I ran through Widow’s Walk and immediately understood why players had been farming it: It was a fucking breeze. You hop in, shoot a small handful of dudes, take out an easy boss, and open a chest. You can repeat it over and over, with almost no downtime between runs. The gear I received, however, was nothing special — an improvement, sure, but not the kind of leap that would take my hammer-tossing Titan into full-on Thor territory. When I checked the comments on the YouTube video that first popularised this spot, people were in mourning. A message from Bungie was the nail in the coffin:

“Due to an issue with the legendary engram drop rate in the Widow’s Walk EDZ Lost Sector, we have lowered the rate to its intended frequency,” the developer posted on Twitter yesterday afternoon.

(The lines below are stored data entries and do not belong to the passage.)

(* Let $D\ge 1$ be an integer and let $Q_D$ be the $D$-dimensional hypercube with vertex set $X=\{0,1\}^D$ and adjacency matrix $A$. The matrices $I,\alpha_1,\alpha_2,\ldots,\alpha_D$ form a basis for the space of symmetric $A$-like matrices of $Q_D$. In particular, this space has dimension $D+1$.
   Context: $Q_D$ is the graph with vertex set $X=\{0,1\}^D$ (sequences $x=(x_1,\ldots,x_D)$ with $x_i\in\{0,1\}$), two vertices being adjacent iff they differ in exactly one coordinate. $\mathrm{Mat}_X(\mathbb{R})$ denotes the real matrices with rows and columns indexed by $X$; $A$ is the adjacency matrix of $Q_D$ and $I$ the identity. A matrix $B\in\mathrm{Mat}_X(\mathbb{R})$ is called $A$-like if (i) $BA=AB$ and (ii) $B_{xy}=0$ for all $x,y\in X$ that are neither equal nor adjacent. For $1\le i\le D$, two vertices are $i$-adjacent if they differ in the $i$-th coordinate and agree in all others, and $\alpha_i\in\mathrm{Mat}_X(\mathbb{R})$ has $(x,y)$-entry $1$ if $x,y$ are $i$-adjacent and $0$ otherwise. *)

From HB Require Import structures.
From mathcomp Require Import all_boot all_order all_algebra.
Set Implicit Arguments. Unset Strict Implicit. Unset Printing Implicit Defensive.
Import Order.TTheory GRing.Theory Num.Theory.
Local Open Scope ring_scope.

Definition cube (D : nat) : finType := {ffun 'I_D -> bool}.

(* Mat_X(R): square matrices whose rows/columns are indexed by X, via the
   canonical enumeration of the finite type X (enum_rank / enum_val). *)
Definition matX (R : nzRingType) (D : nat) := 'M[R]_#|cube D|.

Definition entry (R : nzRingType) (D : nat) (B : matX R D) (x y : cube D) : R :=
  B (enum_rank x) (enum_rank y).

Definition matX_of (R : nzRingType) (D : nat) (f : cube D -> cube D -> R) : matX R D :=
  \matrix_(a, b) f (enum_val a) (enum_val b).

Definition adjacent (D : nat) (x y : cube D) : bool :=
  #|[set i : 'I_D | x i != y i]| == 1%N.

Definition iadjacent (D : nat) (i : 'I_D) (x y : cube D) : bool :=
  (x i != y i) && [forall j : 'I_D, (j != i) ==> (x j == y j)].

Definition adjA (R : nzRingType) (D : nat) : matX R D :=
  matX_of (fun x y => (adjacent x y)%:R).

Definition alpha (R : nzRingType) (D : nat) (i : 'I_D) : matX R D :=
  matX_of (fun x y => (iadjacent i x y)%:R).

Definition A_like (R : nzRingType) (D : nat) (B : matX R D) : bool :=
  (B *m adjA R D == adjA R D *m B) &&
  [forall x : cube D, forall y : cube D,
     ((x != y) && ~~ adjacent x y) ==> (entry B x y == 0)].

(* Symmetry uses MathComp's own qualifier [symmetricmx] (B \is symmetricmx <-> B = B^T). *)

(* The family I, alpha_1, ..., alpha_D, indexed by 'I_D.+1 (index 0 is I). *)
Definition cube_family_fun (R : nzRingType) (D : nat) (k : 'I_D.+1) : matX R D :=
  match unlift ord0 k with
  | Some i => @alpha R D i
  | None => 1%:M
  end.

Definition cube_family (R : nzRingType) (D : nat) : (D.+1).-tuple (matX R D) :=
  [tuple @cube_family_fun R D k | k < D.+1].

From HB Require Import structures.
From mathcomp Require Import all_boot all_order all_algebra.
From mathcomp Require Import ring.
Set Implicit Arguments. Unset Strict Implicit. Unset Printing Implicit Defensive.
Import Order.TTheory GRing.Theory Num.Theory.
Local Open Scope ring_scope.

(* Write x + e_i for [flip x i].  Since A = alpha_1 + ... + alpha_D and the
   alpha_i come from the commuting involutions x |-> x + e_i, every combination
   c I + \sum_i c_i alpha_i is symmetric and A-like, and its entries at (x, x)
   and (x, x + e_i) are c and c_i: this gives independence and one inclusion.
   Conversely, for B symmetric and A-like the (x, y) entries of BA = AB read
   \sum_i B(x, y + e_i) = \sum_i B(x + e_i, y).  Only the terms at distance at
   most one survive (vertices at even distance are never adjacent), so taking
   y = x + e_k gives B(x, x) = B(x + e_k, x + e_k), and taking y = x + e_i + e_j
   relates the edge weights around a square.  Comparing that relation at x and
   at x + e_k shows that 2 B(x + e_k, x + e_k + e_i) = 2 B(x, x + e_i).  As Q_D is
   connected, B = B(x, x) I + \sum_i B(x, x + e_i) alpha_i. *)

Section Hypercube.
Variable D : nat.
Implicit Types (x y : cube D) (i j k l : 'I_D).

Definition flip x i : cube D := [ffun j => (j == i) (+) x j].

Lemma flipE x i j : flip x i j = (j == i) (+) x j.
Proof. by rewrite ffunE. Qed.

Lemma flipK i : involutive (flip^~ i).
Proof. by move=> x; apply/ffunP => j; rewrite !flipE addbA addbb. Qed.

Lemma flipC x i j : flip (flip x i) j = flip (flip x j) i.
Proof. by apply/ffunP => l; rewrite !flipE addbCA. Qed.

Lemma flip_inj x : injective (flip x).
Proof.
by move=> i j /ffunP/(_ i); rewrite !flipE eqxx => /addIb/esym/eqP.
Qed.

Lemma flip_neq x i : flip x i != x.
Proof. by apply/eqP => /ffunP/(_ i); rewrite flipE eqxx; case: (x i). Qed.

Lemma flip2_neq x i j : i != j -> flip (flip x i) j != x.
Proof.
move=> ij; apply/eqP => /ffunP/(_ i).
by rewrite !flipE eqxx (negbTE ij); case: (x i).
Qed.

Definition parity x := \big[addb/false]_j x j.

Lemma parity_flip x i : parity (flip x i) = ~~ parity x.
Proof.
rewrite /parity (bigD1 i) // [in RHS](bigD1 i) //= flipE eqxx addTb addNb.
by congr (~~ (_ (+) _)); apply: eq_bigr => j /negbTE ji; rewrite flipE ji.
Qed.

Lemma flip2_neq_flip x i j k : flip (flip x i) j != flip x k.
Proof.
by apply/eqP => /(congr1 parity); rewrite !parity_flip negbK; case: (parity x).
Qed.

Lemma flip2_neq_flip2 x i j k l :
  i != j -> k != i -> k != j -> flip (flip x k) l != flip (flip x i) j.
Proof.
move=> ij ki kj; apply/eqP => E.
have lk : l = k.
  move/ffunP/(_ k): E; rewrite !flipE eqxx (negbTE ki) (negbTE kj).
  by case: eqP => // _; case: (x k).
move/ffunP/(_ i): E; rewrite lk flipK !flipE eqxx (negbTE ij).
by case: (x i).
Qed.

Lemma diff_set1E x y i : ([set j | x j != y j] == [set i]) = (y == flip x i).
Proof.
apply/eqP/eqP => [/setP E | ->].
  apply/ffunP => j; move: (E j); rewrite !inE flipE.
  by case: (j == i); case: (x j); case: (y j).
by apply/setP => j; rewrite !inE flipE; case: (j == i); case: (x j).
Qed.

Lemma adjacentP x y : reflect (exists i, y = flip x i) (adjacent x y).
Proof.
apply: (iffP cards1P) => -[i /eqP E]; exists i; apply/eqP.
  by rewrite -diff_set1E E.
by rewrite diff_set1E.
Qed.

Lemma iadjacentE i x y : iadjacent i x y = (y == flip x i).
Proof.
apply/andP/eqP => [[xy /forallP xyj] | ->].
  apply/ffunP => j; rewrite flipE; case: (eqVneq j i) => [-> | ji].
    by move: xy; case: (x i); case: (y i).
  by move: (xyj j); rewrite ji => /eqP.
split; first by rewrite flipE eqxx; case: (x i).
by apply/forallP => j; apply/implyP => ji; rewrite flipE (negbTE ji).
Qed.

Lemma flip_invariant_const (T : Type) (f : cube D -> T) :
  (forall x i, f (flip x i) = f x) -> forall x y, f x = f y.
Proof.
move=> fI; suff f_0 x : f x = f [ffun => false] by move=> x y; rewrite !f_0.
have [s supp_s] : exists s : seq 'I_D, forall j, x j -> j \in s.
  by exists (enum 'I_D) => j; rewrite mem_enum.
elim: s x supp_s => [|i s IHs] x supp_x.
  by congr f; apply/ffunP => j; rewrite ffunE; apply/negbTE/negP => /supp_x.
have notin_s j : j != i -> j \in i :: s -> j \in s by rewrite inE => /negbTE ->.
have [xi | /negbTE xi] := boolP (x i).
  rewrite -(fI x i); apply: IHs => j; rewrite flipE.
  by case: (eqVneq j i) => [-> | ji]; rewrite ?eqxx ?xi // => /supp_x; apply: notin_s.
apply: IHs => j; case: (eqVneq j i) => [-> | ji]; first by rewrite xi.
by move/supp_x; apply: notin_s.
Qed.

End Hypercube.

Section CubeMatrices.
Variables (R : comNzRingType) (D : nat).
Local Notation M := (matX R D).
Implicit Types (B C : M) (x y : cube D) (i j : 'I_D).

Lemma matX_ext B C : (forall x y, entry B x y = entry C x y) -> B = C.
Proof.
move=> BC; apply/matrixP => a b.
by have := BC (enum_val a) (enum_val b); rewrite /entry !enum_valK.
Qed.

Lemma entry_matX_of (f : cube D -> cube D -> R) x y : entry (matX_of f) x y = f x y.
Proof. by rewrite /entry mxE !enum_rankK. Qed.

Lemma entryD B C x y : entry (B + C) x y = entry B x y + entry C x y.
Proof. by rewrite /entry mxE. Qed.

Lemma entryZ a B x y : entry (a *: B) x y = a * entry B x y.
Proof. by rewrite /entry mxE. Qed.

Lemma entry_sum I (r : seq I) (P : pred I) (F : I -> M) x y :
  entry (\sum_(k <- r | P k) F k) x y = \sum_(k <- r | P k) entry (F k) x y.
Proof. by rewrite /entry summxE. Qed.

Lemma entry0 x y : entry (0 : M) x y = 0.
Proof. by rewrite /entry mxE. Qed.

Lemma entry_scalar_mx a x y : entry (a%:M : M) x y = a *+ (x == y).
Proof. by rewrite /entry mxE (inj_eq enum_rank_inj). Qed.

Lemma entry_mulmx B C x y : entry (B *m C) x y = \sum_z entry B x z * entry C z y.
Proof. by rewrite /entry mxE (reindex enum_rank) //; apply/onW_bij/enum_rank_bij. Qed.

Lemma entry_alpha i x y : entry (alpha R i) x y = (y == flip x i)%:R.
Proof. by rewrite entry_matX_of iadjacentE. Qed.

Lemma entry_alpha_mulmx i B x y : entry (alpha R i *m B) x y = entry B (flip x i) y.
Proof.
rewrite entry_mulmx (bigD1 (flip x i)) //= entry_alpha eqxx mul1r big1 ?addr0 //.
by move=> z /negbTE zx; rewrite entry_alpha zx mul0r.
Qed.

Lemma entry_mulmx_alpha i B x y : entry (B *m alpha R i) x y = entry B x (flip y i).
Proof.
rewrite entry_mulmx (bigD1 (flip y i)) //= entry_alpha flipK eqxx mulr1 big1 ?addr0 //.
by move=> z zy; rewrite entry_alpha eq_sym (inv_eq (flipK i)) (negbTE zy) mulr0.
Qed.

Lemma alphaC i j : alpha R i *m alpha R j = alpha R j *m alpha R i.
Proof. by apply/matX_ext => x y; rewrite !entry_alpha_mulmx !entry_alpha flipC. Qed.

Lemma sum_flip_delta (a : 'I_D -> R) x k :
  \sum_i a i * (flip x k == flip x i)%:R = a k.
Proof.
rewrite (bigD1 k) //= eqxx mulr1 big1 ?addr0 // => i ik.
by rewrite (inj_eq (@flip_inj D x)) eq_sym (negbTE ik) mulr0.
Qed.

Lemma sum_flip_self (a : 'I_D -> R) x : \sum_i a i * (x == flip x i)%:R = 0.
Proof. by rewrite big1 // => i _; rewrite eq_sym (negbTE (flip_neq x i)) mulr0. Qed.

Lemma adjA_sum_alpha : adjA R D = \sum_i alpha R i.
Proof.
apply/matX_ext => x y; rewrite entry_matX_of entry_sum.
have [[k ->] | not_adj] := altP (adjacentP x y).
  by under eq_bigr do rewrite entry_alpha -[_%:R]mul1r; rewrite sum_flip_delta.
rewrite big1 // => i _; rewrite entry_alpha; case: eqP => // yx.
by case/adjacentP: not_adj; exists i.
Qed.

Lemma alpha_adjAC i : alpha R i *m adjA R D = adjA R D *m alpha R i.
Proof.
by rewrite adjA_sum_alpha mulmx_suml mulmx_sumr; apply: eq_bigr => j _; apply: alphaC.
Qed.

Lemma A_likeP B :
  reflect (B *m adjA R D = adjA R D *m B /\
           forall x y, x != y -> (forall i, y != flip x i) -> entry B x y = 0)
          (A_like B).
Proof.
apply: (iffP andP) => -[BA supp]; split; first exact/eqP.
- move=> x y xy yx; move/forallP/(_ x)/forallP/(_ y): supp; rewrite xy /=.
  move=> /implyP supp; apply/eqP/supp/negP => /adjacentP[i yi].
  by move: (yx i); rewrite yi eqxx.
- exact/eqP.
- apply/forallP => x; apply/forallP => y; apply/implyP => /andP[xy not_adj].
  by apply/eqP/supp => // i; apply: contraNneq not_adj => ->; apply/adjacentP; exists i.
Qed.

Definition alpha_comb (c0 : R) (c : 'I_D -> R) : M := c0%:M + \sum_i c i *: alpha R i.

Lemma entry_alpha_comb c0 c x y :
  entry (alpha_comb c0 c) x y = c0 *+ (x == y) + \sum_i c i * (y == flip x i)%:R.
Proof.
rewrite entryD entry_scalar_mx entry_sum.
by congr (_ + _); apply: eq_bigr => i _; rewrite entryZ entry_alpha.
Qed.

Lemma entry_alpha_comb_diag c0 c x : entry (alpha_comb c0 c) x x = c0.
Proof. by rewrite entry_alpha_comb eqxx sum_flip_self addr0. Qed.

Lemma entry_alpha_comb_flip c0 c x k : entry (alpha_comb c0 c) x (flip x k) = c k.
Proof.
by rewrite entry_alpha_comb eq_sym (negbTE (flip_neq x k)) sum_flip_delta add0r.
Qed.

Lemma alpha_comb_A_like c0 c : A_like (alpha_comb c0 c).
Proof.
apply/A_likeP; split.
  rewrite /alpha_comb mulmxDl mulmxDr scalar_mxC mulmx_suml mulmx_sumr; congr (_ + _).
  by apply: eq_bigr => i _; rewrite -scalemxAl -scalemxAr alpha_adjAC.
move=> x y xy yx; rewrite entry_alpha_comb (negbTE xy) add0r big1 // => i _.
by rewrite (negbTE (yx i)) mulr0.
Qed.

Section SymmetricALike.
Variable B : M.
Hypothesis B_sym : forall x y, entry B x y = entry B y x.
Hypothesis B_comm : B *m adjA R D = adjA R D *m B.
Hypothesis B_supp : forall x y, x != y -> (forall i, y != flip x i) -> entry B x y = 0.
Local Notation b := (entry B).

Lemma entry_commute_adjA x y : \sum_i b x (flip y i) = \sum_i b (flip x i) y.
Proof.
have := congr1 (fun C => entry C x y) B_comm.
rewrite /= adjA_sum_alpha mulmx_sumr mulmx_suml !entry_sum => E.
rewrite -(eq_bigr _ (fun i _ => entry_mulmx_alpha i B x y)) E.
by apply: eq_bigr => i _; rewrite entry_alpha_mulmx.
Qed.

Lemma diag_flip x k : b (flip x k) (flip x k) = b x x.
Proof.
have lhs0 : \sum_(l | l != k) b x (flip (flip x k) l) = 0.
  apply: big1 => l lk; apply: B_supp => [|m]; last exact: flip2_neq_flip.
  by rewrite eq_sym flip2_neq // eq_sym.
have rhs0 : \sum_(l | l != k) b (flip x l) (flip x k) = 0.
  apply: big1 => l lk; apply: B_supp => [|m]; last by rewrite eq_sym flip2_neq_flip.
  by rewrite (inj_eq (@flip_inj D x)).
have := entry_commute_adjA x (flip x k).
by rewrite (bigD1 k) // [in RHS](bigD1 k) //= lhs0 rhs0 !addr0 flipK => ->.
Qed.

I was heartbroken. Had I shown up just a few hours earlier, I could have gone from zero — a brand new player — to near max-level just like that. Would it have felt good in the long run? Probably not. But it would have been a heck of a dopamine rush, and that’s kind of what games like this are all about.

Ultimately, I stuck around that area and farmed new gear for, like, four hours. Honestly? It wasn’t that bad. Other players were doing group activities that I could join, and it was fun sinking into an almost unconscious rhythm of shooting and looting, knowing exactly where to turn and fire moments before enemies spawned. I also managed to boost my power level from 1098 to 1160, which means that a boss who’s been giving me trouble should be cake now. Speaking of...

Fuck Phylaks

Phylaks, the Beyond Light campaign’s first proper boss, is trash! Sorry, Phylaks fans — if you exist. It’s just the truth.

I have not faced many Destiny bosses, so maybe this is how they all are, but here’s a list of things I hate in a boss fight:

  • Rando enemies incessantly swarming me such that they land a bunch of cheap shots and hinder my movement.
  • Some invincible arsehole taking potshots at me all the while.
  • Sudden, unpredictable twists that might insta-kill you if you don’t know about them in advance.

The Phylaks fight has all of these things! Being whaled on by bug morons while Phylaks snipes you from afar is not fun. Thankfully, her aim is terrible, but it’s still a distinctly frustrating core loop. The first time I fought her, I defeated her first phase with only a sliver of health left, and then the ground beneath my feet disappeared (something that happens at the end of each phase, but how was I to know?) and I fell into electrocuted fog or some shit and immediately died. That is the definition of a cheap death. The fight has no checkpoints, so I had to start all over again — even though I had done everything needed to succeed up to that point.

Listen, I’m all for some difficulty. On my fourth attempt with a power level that was slightly beneath what the game recommended, I nearly beat Phylaks’ final stage. But the basic rhythm of the fight is so irritating that when I died that time, I rage-quit and decided to go grind for better gear so as to increase my own margin for error. Tonight, I’m going bug hunting.

My Guy Looks Like A Trash Can

Look at this scrub in his noob armour:

He is trying, and he should be commended for that. But also, feel free to bully him. You have my full permission.

I Miss Nathan Fillion

I didn’t expect to find myself writing this, given that when I was playing the Red War campaign, I wasn’t really a fan of the Whedon-style quip humour that Fillion’s character, Cayde-6, brought to the table. It felt like quirk for quirk’s sake, the sort of thing that Avengers movies and their monolithic cultural impact, among other things, have soured me on.

But Cayde-6 brought an undeniable charisma to the Red War’s missions that just isn’t present in what I’ve played of Beyond Light so far. Maybe that will change. Kotaku’s Ash Parrish keeps excitedly yelling in Slack about somebody named Shaw Han (her exact words were “YOU STUPID HIMBO SONOFABITCH HOW DARE YOU”), so I’m hopeful. But in the meantime, it would be neat to interact with some characters who can make me interested on their own merits, rather than nostalgic appeal that I have no connection to.